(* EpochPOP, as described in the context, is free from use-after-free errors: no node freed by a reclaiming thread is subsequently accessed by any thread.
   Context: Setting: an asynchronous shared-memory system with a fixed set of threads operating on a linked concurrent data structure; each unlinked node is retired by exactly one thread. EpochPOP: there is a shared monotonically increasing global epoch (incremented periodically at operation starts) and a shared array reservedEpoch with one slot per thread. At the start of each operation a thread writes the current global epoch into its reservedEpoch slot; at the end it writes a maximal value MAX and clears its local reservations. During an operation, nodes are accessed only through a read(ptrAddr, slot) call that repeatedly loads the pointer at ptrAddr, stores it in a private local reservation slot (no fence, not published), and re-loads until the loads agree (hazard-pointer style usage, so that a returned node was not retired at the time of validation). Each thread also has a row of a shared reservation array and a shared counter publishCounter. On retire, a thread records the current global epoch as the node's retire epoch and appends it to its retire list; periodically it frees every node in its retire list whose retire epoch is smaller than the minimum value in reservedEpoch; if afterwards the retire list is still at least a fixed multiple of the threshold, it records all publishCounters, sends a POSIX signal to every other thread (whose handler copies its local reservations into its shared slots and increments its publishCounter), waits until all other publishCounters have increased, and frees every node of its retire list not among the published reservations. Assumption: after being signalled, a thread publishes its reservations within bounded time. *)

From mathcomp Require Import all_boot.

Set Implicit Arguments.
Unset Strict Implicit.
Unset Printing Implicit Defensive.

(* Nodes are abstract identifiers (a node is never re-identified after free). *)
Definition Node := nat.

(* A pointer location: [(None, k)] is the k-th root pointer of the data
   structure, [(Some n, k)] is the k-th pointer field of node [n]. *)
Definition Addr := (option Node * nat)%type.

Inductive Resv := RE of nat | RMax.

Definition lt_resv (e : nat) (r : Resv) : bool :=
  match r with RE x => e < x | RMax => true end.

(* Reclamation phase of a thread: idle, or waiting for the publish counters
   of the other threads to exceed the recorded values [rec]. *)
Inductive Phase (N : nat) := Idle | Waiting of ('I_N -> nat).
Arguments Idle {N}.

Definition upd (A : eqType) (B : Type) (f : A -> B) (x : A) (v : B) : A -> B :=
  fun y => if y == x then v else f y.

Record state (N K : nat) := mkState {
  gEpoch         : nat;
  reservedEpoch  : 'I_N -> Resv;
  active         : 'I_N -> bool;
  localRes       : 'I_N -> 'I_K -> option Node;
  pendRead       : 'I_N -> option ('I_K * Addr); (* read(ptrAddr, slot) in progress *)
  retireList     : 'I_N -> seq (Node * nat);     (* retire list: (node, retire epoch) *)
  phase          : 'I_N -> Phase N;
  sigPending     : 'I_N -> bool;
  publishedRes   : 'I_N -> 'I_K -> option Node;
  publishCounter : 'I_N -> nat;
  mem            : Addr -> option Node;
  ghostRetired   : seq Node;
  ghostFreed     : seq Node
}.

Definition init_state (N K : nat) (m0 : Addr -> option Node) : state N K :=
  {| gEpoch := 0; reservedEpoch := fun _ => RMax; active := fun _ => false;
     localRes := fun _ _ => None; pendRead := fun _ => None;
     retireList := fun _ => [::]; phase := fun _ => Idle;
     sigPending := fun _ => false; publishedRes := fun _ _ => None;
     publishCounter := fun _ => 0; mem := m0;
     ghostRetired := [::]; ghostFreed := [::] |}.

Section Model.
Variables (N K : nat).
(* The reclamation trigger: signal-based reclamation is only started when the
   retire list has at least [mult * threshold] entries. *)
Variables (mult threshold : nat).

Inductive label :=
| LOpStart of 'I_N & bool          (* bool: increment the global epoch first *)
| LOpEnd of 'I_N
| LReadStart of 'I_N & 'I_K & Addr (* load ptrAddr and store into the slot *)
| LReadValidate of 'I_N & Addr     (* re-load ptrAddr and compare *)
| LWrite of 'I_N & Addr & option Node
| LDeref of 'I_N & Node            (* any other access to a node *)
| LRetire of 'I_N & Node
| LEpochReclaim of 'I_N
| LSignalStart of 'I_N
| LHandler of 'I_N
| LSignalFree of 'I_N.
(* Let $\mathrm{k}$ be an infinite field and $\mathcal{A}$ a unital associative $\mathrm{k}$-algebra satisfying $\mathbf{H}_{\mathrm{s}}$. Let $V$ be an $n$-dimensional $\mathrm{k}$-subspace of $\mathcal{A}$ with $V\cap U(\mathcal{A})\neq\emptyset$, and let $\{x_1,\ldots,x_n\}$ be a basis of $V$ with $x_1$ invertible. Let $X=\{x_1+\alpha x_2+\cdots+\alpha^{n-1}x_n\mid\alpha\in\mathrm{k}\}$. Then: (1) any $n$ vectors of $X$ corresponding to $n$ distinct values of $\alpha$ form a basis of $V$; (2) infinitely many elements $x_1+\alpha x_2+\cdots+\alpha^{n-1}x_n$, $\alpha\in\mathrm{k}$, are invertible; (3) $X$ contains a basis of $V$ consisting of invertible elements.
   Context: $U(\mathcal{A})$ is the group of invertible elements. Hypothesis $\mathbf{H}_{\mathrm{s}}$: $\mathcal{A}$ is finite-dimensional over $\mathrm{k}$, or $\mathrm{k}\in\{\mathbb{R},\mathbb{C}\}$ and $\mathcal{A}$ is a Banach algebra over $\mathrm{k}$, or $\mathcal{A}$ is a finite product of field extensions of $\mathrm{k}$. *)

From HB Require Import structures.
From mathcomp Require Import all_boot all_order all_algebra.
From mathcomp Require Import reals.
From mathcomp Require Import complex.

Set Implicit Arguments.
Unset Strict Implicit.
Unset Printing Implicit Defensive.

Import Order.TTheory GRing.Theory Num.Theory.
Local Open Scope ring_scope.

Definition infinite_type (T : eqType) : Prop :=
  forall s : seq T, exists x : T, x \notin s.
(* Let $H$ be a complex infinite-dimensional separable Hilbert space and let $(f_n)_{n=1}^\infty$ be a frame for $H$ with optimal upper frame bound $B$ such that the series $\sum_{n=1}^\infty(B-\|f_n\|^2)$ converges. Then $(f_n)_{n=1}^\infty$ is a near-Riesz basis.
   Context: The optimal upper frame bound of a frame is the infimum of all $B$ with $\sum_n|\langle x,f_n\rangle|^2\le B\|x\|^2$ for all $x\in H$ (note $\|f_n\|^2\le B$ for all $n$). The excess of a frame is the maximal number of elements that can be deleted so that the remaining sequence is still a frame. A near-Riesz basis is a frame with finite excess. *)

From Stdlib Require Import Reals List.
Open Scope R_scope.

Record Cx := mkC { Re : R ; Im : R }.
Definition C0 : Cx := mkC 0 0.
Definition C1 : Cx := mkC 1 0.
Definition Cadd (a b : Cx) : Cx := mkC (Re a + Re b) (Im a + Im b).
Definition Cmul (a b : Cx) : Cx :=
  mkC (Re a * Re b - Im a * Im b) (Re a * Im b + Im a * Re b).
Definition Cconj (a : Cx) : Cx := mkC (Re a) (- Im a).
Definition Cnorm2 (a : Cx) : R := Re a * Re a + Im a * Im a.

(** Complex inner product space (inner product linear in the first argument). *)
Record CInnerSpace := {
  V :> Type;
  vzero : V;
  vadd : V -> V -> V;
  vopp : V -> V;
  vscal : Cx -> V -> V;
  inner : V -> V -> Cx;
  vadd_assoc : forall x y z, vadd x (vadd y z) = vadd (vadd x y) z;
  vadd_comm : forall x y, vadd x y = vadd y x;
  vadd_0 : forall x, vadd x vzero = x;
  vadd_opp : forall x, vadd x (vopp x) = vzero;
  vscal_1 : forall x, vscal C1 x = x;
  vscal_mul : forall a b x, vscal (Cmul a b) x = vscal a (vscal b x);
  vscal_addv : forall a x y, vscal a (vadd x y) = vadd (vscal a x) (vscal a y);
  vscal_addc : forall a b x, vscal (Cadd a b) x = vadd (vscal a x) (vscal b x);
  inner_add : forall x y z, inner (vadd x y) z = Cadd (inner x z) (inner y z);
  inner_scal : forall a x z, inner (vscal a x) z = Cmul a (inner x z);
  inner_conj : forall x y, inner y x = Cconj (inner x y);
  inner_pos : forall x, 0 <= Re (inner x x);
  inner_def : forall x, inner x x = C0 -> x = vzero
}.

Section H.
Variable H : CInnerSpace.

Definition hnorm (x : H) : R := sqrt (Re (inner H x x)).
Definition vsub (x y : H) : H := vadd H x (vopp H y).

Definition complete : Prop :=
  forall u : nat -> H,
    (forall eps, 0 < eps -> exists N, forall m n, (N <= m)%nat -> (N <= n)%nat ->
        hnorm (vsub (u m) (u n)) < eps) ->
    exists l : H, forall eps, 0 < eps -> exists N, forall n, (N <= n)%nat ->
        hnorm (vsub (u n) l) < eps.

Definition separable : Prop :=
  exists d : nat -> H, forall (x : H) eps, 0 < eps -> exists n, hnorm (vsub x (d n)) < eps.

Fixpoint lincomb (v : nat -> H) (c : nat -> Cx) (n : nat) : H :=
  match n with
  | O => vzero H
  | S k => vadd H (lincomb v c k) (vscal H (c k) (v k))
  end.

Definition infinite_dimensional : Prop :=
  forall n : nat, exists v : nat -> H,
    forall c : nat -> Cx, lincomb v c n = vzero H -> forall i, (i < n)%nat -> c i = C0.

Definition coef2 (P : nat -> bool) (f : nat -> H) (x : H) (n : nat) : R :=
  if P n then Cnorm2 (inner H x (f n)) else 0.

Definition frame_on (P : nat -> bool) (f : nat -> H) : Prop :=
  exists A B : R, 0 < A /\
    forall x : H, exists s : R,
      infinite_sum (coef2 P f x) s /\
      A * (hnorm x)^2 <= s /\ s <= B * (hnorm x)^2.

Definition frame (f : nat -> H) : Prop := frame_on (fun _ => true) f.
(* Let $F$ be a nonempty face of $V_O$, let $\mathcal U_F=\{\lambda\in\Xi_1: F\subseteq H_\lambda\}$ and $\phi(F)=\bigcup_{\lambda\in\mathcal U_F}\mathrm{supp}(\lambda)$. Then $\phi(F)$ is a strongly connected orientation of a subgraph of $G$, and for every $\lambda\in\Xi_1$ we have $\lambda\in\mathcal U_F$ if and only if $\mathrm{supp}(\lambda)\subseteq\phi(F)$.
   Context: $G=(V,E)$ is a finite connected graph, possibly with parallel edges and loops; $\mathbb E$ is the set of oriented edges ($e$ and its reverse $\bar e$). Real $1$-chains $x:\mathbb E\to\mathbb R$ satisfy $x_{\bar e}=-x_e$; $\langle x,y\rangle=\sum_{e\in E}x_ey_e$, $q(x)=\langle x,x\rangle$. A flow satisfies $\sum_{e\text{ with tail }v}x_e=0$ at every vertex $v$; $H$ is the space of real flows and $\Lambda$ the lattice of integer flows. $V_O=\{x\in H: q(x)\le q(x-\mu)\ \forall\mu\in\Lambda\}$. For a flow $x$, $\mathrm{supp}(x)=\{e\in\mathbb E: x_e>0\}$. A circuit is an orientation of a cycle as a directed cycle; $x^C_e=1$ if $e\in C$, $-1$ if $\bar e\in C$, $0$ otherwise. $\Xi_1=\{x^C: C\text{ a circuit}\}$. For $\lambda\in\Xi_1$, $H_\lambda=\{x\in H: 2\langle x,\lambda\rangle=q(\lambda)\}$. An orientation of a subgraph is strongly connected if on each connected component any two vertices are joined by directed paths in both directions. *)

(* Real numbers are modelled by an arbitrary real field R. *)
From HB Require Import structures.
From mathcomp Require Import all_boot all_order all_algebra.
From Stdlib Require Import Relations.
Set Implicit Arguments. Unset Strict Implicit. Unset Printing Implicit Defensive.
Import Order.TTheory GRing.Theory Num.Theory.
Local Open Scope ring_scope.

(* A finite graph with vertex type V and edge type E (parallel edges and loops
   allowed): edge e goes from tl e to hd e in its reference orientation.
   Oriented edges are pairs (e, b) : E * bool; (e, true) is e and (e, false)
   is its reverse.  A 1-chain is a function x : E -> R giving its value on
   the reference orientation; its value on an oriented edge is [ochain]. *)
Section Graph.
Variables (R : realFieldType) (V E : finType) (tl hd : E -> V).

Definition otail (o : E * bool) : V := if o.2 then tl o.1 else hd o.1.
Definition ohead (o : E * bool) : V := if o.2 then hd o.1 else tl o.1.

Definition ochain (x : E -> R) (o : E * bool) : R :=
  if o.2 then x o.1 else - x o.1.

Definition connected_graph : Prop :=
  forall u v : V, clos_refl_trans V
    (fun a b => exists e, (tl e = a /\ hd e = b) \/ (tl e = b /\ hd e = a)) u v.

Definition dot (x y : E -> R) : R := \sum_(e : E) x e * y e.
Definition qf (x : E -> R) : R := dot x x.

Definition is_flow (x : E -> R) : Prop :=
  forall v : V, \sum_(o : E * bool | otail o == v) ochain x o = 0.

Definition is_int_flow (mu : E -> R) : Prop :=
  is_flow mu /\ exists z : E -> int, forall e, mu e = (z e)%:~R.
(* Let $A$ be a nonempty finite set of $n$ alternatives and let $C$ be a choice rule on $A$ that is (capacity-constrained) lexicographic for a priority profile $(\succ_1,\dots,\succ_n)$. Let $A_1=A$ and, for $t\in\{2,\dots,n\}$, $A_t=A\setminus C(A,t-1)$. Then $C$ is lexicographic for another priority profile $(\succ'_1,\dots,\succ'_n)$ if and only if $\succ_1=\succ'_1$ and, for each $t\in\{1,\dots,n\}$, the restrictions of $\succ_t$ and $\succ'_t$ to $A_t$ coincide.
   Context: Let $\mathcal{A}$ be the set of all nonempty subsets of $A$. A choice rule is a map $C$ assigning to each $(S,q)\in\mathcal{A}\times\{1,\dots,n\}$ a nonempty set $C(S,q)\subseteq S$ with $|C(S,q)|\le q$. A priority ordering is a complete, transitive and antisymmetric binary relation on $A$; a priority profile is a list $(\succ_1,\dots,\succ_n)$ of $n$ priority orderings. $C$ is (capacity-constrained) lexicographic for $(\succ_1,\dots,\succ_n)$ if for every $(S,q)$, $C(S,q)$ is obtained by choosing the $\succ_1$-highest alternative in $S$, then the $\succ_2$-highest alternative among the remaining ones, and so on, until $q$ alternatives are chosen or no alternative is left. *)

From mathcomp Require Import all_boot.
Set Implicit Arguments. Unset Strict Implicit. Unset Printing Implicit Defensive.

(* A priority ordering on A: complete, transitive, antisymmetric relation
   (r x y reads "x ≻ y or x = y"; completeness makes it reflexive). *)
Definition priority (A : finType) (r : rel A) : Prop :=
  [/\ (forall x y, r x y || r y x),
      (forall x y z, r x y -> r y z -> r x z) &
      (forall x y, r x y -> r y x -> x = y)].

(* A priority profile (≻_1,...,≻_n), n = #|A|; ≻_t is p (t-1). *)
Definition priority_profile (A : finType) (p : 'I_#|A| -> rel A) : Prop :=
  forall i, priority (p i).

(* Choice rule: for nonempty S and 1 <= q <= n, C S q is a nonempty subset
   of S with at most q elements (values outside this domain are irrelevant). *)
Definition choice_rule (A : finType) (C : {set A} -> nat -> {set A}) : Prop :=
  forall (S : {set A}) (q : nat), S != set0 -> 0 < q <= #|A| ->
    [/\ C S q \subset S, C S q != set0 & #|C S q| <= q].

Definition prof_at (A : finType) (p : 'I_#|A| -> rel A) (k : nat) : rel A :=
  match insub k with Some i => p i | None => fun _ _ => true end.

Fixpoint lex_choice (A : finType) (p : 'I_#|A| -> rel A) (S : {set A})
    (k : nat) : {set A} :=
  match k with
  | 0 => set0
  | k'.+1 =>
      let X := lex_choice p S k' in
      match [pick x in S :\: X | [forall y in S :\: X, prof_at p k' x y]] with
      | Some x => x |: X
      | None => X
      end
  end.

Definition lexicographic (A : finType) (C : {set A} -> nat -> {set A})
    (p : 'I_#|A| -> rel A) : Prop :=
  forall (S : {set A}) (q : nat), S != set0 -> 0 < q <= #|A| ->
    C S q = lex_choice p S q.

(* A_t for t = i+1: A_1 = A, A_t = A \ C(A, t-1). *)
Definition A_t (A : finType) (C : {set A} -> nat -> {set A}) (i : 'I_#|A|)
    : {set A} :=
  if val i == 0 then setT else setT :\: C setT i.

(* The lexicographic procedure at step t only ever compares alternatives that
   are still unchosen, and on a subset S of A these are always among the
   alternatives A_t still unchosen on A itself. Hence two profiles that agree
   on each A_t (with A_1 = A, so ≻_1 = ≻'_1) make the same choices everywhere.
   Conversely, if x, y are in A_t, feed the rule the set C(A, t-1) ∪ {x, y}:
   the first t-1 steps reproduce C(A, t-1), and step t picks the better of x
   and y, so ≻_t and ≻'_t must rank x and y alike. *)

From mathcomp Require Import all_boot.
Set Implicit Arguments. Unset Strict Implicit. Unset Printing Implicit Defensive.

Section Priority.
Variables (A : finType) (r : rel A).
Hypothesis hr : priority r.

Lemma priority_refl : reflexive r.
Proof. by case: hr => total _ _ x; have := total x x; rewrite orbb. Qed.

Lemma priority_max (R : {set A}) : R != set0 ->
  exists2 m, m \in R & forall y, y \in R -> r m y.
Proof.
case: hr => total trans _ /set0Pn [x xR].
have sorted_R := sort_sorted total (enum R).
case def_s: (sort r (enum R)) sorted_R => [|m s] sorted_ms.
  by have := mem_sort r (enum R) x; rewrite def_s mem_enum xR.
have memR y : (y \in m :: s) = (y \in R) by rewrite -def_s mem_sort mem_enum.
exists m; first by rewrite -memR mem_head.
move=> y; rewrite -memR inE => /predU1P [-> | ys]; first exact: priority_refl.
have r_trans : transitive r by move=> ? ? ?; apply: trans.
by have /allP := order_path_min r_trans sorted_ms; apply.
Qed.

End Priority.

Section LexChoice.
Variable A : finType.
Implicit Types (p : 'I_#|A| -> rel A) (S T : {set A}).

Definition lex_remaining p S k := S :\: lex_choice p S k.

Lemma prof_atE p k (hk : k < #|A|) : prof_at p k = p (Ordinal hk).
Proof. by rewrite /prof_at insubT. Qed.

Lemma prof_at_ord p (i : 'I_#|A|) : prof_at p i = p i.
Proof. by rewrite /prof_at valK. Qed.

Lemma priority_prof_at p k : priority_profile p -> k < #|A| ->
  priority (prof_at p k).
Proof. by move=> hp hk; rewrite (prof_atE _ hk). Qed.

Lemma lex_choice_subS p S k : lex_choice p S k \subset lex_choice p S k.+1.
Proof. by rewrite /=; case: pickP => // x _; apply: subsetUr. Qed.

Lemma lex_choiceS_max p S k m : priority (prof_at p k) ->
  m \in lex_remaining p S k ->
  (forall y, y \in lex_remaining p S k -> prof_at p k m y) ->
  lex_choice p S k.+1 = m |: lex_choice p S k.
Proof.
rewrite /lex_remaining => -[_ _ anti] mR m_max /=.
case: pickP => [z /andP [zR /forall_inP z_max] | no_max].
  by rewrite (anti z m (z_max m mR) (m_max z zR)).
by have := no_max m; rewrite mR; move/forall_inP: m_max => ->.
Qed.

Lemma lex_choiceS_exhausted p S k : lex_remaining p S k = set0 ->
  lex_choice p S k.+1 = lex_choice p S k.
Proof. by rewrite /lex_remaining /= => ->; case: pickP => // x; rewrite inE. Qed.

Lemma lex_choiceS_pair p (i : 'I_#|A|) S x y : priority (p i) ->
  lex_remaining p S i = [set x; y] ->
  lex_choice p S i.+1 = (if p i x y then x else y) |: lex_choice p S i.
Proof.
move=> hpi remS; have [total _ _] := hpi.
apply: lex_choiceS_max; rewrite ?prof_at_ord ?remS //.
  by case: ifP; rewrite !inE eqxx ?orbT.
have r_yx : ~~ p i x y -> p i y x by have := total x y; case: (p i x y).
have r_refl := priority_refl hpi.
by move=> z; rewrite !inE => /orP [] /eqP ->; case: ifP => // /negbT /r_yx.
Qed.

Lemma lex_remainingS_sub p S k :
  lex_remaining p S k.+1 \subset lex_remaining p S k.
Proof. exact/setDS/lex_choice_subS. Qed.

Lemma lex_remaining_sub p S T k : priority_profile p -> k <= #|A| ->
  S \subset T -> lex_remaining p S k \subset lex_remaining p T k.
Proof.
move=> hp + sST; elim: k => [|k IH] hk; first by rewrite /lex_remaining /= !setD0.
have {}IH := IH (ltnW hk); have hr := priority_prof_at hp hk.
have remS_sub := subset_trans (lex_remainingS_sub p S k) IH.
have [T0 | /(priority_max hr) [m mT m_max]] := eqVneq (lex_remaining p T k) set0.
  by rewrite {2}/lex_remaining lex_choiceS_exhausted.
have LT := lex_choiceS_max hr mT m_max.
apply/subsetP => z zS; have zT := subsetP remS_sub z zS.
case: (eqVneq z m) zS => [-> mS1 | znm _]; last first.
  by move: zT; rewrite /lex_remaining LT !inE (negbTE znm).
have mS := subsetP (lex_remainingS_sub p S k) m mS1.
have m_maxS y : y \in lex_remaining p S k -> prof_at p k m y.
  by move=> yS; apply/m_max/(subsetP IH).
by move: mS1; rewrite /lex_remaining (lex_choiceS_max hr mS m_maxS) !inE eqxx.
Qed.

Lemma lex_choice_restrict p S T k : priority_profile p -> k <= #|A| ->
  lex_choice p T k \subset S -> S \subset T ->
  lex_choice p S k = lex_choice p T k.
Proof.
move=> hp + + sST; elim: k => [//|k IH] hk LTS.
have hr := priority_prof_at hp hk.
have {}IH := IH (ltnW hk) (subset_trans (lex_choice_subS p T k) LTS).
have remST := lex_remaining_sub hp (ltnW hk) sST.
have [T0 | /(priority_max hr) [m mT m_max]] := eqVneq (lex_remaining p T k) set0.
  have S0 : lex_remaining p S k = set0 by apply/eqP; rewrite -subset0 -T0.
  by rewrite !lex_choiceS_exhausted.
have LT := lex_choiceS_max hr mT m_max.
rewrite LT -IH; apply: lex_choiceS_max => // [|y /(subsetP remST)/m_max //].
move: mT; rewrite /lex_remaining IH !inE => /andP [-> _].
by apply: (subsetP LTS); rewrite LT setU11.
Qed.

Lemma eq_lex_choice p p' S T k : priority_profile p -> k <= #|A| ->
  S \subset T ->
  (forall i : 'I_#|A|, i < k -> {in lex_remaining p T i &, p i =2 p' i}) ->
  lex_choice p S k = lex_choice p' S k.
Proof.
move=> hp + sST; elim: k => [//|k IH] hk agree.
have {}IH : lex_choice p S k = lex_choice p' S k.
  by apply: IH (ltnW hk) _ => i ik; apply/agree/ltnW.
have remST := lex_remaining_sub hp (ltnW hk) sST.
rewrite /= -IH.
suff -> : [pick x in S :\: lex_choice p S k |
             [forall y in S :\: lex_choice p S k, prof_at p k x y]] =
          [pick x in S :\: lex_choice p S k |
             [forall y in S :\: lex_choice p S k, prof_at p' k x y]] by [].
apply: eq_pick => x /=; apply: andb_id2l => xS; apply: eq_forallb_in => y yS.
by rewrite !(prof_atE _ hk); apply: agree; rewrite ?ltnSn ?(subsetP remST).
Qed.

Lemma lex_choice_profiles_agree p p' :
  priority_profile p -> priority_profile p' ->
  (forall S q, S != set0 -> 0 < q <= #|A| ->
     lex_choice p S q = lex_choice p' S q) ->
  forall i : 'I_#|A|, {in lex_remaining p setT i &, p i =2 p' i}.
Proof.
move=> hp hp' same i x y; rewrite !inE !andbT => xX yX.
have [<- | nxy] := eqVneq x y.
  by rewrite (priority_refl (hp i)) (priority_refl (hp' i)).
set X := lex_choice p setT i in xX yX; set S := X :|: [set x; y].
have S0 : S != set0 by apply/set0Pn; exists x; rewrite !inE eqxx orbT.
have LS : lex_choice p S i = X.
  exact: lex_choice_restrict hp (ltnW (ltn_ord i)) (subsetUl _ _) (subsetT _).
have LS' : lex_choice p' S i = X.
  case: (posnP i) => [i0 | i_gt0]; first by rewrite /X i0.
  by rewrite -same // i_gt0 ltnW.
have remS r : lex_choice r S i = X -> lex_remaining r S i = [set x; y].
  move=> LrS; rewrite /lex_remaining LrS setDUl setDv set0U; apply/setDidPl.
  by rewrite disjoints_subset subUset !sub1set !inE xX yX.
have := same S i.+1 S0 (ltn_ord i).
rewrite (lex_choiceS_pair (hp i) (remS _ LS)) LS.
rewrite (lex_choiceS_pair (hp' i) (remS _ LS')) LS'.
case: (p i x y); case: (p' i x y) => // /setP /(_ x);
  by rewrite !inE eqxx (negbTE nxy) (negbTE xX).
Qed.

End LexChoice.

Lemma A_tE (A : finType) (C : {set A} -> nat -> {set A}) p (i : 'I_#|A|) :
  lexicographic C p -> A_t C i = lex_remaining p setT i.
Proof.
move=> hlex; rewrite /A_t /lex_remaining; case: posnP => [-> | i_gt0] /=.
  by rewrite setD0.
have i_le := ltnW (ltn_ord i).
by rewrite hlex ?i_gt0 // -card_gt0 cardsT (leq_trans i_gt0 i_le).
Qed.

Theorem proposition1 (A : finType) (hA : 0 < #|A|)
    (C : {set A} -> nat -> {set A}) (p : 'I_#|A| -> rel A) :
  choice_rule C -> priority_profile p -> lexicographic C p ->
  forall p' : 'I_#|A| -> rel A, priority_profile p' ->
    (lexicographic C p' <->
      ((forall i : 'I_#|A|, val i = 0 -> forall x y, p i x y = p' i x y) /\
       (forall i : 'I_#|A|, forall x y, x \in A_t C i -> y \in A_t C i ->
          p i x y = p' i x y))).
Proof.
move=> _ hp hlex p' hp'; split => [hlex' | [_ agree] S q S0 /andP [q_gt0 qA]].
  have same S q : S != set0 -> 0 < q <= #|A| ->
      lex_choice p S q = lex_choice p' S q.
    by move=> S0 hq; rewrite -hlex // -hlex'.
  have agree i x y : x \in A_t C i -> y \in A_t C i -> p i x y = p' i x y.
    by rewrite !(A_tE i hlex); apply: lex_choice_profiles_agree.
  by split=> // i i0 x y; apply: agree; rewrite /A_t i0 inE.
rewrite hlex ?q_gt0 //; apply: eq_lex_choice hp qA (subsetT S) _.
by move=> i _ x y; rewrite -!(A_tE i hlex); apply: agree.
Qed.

══════════

• **AIM OF THE EXERCISE**
Reproduce each line from the listing above that includes the word "Stdlib".

• **YOUR RESPONSE**
From Stdlib Require Import Reals List.
From Stdlib Require Import Relations.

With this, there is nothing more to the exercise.